Stored items:

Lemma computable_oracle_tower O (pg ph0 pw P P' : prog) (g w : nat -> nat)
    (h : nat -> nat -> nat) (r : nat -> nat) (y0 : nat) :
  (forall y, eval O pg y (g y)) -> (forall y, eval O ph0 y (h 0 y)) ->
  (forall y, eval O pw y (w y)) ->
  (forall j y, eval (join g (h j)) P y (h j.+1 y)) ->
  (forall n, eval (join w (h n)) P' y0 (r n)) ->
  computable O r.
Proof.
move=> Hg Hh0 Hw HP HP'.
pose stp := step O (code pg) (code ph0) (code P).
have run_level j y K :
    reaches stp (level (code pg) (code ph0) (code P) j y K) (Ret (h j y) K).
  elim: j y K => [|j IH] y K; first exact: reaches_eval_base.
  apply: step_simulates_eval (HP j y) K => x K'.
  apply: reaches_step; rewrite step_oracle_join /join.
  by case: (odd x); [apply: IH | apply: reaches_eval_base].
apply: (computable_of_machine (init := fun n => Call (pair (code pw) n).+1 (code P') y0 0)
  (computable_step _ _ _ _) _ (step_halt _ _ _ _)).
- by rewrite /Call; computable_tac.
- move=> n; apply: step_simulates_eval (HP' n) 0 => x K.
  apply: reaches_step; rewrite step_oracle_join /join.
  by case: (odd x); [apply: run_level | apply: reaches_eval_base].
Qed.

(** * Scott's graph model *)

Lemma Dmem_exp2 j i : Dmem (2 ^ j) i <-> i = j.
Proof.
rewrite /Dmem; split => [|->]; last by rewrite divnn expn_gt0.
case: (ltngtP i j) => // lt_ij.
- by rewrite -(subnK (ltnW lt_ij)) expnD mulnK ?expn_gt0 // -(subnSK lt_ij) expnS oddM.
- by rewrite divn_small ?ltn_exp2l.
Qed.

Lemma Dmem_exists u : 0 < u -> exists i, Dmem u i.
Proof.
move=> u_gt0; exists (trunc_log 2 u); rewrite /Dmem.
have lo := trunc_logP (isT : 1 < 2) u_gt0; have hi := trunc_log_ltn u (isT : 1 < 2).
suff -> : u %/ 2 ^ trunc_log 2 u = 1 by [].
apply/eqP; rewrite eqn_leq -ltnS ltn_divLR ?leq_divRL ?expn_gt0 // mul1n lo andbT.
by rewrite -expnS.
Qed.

--

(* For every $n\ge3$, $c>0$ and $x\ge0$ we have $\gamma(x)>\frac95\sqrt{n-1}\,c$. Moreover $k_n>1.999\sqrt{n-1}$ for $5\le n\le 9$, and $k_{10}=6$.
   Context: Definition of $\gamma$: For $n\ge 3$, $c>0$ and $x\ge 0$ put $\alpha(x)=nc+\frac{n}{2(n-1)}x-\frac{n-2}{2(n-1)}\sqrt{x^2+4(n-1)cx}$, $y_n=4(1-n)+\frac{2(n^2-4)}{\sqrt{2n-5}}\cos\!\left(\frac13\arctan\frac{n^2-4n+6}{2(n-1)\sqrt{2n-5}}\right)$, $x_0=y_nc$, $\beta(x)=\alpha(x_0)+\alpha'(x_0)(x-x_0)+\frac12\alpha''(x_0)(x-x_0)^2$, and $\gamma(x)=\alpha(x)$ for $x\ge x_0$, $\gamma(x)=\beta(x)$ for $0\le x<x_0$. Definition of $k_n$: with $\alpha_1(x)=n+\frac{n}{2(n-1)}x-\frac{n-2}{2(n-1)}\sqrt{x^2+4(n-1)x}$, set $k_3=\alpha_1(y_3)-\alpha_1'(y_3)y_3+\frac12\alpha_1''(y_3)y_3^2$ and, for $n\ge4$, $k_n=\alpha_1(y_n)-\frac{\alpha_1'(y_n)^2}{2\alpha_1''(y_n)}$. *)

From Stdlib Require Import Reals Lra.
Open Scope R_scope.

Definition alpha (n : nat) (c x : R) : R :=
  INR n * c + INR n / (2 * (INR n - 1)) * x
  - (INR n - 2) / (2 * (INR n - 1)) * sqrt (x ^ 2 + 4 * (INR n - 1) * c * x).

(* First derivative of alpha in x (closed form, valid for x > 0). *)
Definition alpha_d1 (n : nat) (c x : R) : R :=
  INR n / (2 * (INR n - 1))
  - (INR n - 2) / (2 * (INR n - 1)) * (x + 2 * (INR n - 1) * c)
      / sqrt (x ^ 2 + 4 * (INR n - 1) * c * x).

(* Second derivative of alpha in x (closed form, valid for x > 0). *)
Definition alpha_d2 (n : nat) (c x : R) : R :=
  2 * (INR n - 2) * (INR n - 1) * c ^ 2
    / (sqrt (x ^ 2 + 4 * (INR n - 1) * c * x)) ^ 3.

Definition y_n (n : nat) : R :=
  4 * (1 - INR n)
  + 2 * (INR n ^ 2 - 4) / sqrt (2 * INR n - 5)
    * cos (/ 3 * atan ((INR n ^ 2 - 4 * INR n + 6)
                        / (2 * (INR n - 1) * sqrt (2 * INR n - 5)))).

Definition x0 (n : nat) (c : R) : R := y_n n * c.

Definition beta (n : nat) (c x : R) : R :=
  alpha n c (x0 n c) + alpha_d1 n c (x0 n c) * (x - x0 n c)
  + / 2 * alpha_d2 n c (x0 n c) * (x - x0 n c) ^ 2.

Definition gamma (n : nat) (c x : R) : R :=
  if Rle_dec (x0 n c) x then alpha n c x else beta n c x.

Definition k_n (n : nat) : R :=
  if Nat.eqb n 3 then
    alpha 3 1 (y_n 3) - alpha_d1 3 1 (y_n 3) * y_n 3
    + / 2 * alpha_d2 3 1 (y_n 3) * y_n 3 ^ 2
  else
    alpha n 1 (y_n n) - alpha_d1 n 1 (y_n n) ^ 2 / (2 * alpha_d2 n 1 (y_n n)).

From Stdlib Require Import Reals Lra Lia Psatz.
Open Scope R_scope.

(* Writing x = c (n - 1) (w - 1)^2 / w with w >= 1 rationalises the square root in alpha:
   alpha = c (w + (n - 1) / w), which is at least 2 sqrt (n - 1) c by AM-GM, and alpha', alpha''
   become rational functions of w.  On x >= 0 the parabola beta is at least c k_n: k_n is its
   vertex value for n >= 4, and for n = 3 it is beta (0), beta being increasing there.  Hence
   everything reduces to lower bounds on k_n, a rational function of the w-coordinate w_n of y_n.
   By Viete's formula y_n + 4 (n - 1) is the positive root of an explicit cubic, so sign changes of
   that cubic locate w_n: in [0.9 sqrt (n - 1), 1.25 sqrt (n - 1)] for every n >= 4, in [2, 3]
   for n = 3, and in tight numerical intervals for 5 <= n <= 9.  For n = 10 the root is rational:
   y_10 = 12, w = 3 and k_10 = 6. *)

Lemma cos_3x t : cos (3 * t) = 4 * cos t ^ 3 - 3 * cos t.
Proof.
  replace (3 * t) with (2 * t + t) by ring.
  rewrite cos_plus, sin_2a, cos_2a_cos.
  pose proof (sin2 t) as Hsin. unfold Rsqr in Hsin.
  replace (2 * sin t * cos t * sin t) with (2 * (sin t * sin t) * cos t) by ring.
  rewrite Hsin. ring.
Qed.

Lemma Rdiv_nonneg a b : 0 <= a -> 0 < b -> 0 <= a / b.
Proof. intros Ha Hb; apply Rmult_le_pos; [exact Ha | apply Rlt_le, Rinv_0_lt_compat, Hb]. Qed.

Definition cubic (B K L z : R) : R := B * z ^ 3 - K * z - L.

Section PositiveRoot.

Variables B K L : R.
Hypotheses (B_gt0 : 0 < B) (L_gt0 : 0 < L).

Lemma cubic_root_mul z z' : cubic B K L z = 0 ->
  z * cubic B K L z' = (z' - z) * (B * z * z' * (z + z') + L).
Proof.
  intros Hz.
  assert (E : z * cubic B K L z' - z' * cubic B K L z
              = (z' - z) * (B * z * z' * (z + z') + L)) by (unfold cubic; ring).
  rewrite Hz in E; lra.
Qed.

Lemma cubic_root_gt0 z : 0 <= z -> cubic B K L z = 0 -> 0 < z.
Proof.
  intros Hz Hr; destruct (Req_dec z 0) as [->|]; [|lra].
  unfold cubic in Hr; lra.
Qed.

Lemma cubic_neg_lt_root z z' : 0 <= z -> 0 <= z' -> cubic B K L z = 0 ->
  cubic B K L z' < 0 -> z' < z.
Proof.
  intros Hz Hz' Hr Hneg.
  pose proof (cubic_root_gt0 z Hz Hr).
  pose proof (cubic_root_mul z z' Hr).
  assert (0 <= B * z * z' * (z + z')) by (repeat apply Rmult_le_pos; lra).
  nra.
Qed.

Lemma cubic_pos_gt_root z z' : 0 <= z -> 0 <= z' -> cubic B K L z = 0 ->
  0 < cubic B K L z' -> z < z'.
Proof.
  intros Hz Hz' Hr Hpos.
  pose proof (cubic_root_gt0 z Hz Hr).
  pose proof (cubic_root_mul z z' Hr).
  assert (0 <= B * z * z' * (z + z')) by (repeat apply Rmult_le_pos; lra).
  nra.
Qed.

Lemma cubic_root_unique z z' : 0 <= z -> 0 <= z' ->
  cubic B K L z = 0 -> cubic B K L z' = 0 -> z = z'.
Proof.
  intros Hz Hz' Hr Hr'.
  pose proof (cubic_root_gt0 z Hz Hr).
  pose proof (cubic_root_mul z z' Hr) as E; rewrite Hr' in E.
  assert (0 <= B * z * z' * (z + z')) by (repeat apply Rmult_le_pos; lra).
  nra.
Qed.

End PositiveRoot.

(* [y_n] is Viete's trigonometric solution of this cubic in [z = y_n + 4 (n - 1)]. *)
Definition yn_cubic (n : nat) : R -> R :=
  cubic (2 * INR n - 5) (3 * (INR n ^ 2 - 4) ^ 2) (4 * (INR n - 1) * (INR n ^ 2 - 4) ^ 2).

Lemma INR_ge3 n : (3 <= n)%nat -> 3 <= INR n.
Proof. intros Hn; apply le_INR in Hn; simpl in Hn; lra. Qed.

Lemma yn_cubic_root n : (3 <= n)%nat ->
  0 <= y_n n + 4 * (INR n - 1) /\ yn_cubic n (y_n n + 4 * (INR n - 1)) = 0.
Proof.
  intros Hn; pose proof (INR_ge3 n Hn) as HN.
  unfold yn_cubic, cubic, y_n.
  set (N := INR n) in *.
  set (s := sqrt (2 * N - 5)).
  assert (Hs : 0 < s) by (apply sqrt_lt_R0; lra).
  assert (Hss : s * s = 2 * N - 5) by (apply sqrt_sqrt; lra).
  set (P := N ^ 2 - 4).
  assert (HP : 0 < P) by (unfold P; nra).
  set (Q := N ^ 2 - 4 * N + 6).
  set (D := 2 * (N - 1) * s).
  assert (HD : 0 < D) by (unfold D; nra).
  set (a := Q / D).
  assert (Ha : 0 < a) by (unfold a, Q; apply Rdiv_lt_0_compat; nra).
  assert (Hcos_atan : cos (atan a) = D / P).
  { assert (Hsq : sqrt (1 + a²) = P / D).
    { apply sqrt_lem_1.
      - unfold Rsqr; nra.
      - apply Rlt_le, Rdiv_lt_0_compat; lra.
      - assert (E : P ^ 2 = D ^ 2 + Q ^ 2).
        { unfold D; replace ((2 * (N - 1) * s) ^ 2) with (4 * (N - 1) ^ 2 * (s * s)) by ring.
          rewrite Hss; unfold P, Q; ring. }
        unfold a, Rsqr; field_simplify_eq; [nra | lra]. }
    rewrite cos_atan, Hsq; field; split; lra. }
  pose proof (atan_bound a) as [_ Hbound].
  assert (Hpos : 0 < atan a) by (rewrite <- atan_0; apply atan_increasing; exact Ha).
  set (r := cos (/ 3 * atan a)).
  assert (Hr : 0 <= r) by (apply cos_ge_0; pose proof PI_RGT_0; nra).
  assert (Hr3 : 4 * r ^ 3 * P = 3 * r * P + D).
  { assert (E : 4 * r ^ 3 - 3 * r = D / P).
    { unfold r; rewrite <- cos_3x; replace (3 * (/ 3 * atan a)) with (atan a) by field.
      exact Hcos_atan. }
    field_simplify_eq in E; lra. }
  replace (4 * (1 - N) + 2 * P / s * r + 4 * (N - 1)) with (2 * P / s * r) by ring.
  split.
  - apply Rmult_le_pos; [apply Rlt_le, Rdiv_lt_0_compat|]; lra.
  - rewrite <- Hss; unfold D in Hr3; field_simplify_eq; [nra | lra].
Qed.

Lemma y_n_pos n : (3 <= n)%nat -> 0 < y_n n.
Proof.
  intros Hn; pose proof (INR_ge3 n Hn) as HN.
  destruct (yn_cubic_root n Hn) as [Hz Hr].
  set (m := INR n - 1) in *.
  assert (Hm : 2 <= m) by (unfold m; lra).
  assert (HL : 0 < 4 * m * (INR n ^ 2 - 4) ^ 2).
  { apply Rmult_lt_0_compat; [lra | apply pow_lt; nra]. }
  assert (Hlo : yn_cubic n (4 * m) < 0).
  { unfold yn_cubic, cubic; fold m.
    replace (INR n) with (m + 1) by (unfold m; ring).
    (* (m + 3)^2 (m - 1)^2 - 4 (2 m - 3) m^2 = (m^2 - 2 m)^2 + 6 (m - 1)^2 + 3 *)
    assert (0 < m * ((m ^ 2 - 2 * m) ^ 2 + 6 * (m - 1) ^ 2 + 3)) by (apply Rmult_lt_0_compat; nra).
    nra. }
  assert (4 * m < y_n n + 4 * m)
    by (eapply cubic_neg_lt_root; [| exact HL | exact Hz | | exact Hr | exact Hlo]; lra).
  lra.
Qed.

EXERCISE REQUIREMENTS
What is the number of lines in the entries above that include the word "Hpos"? Answer with that number alone.

ANSWER TO THIS PROBLEM
2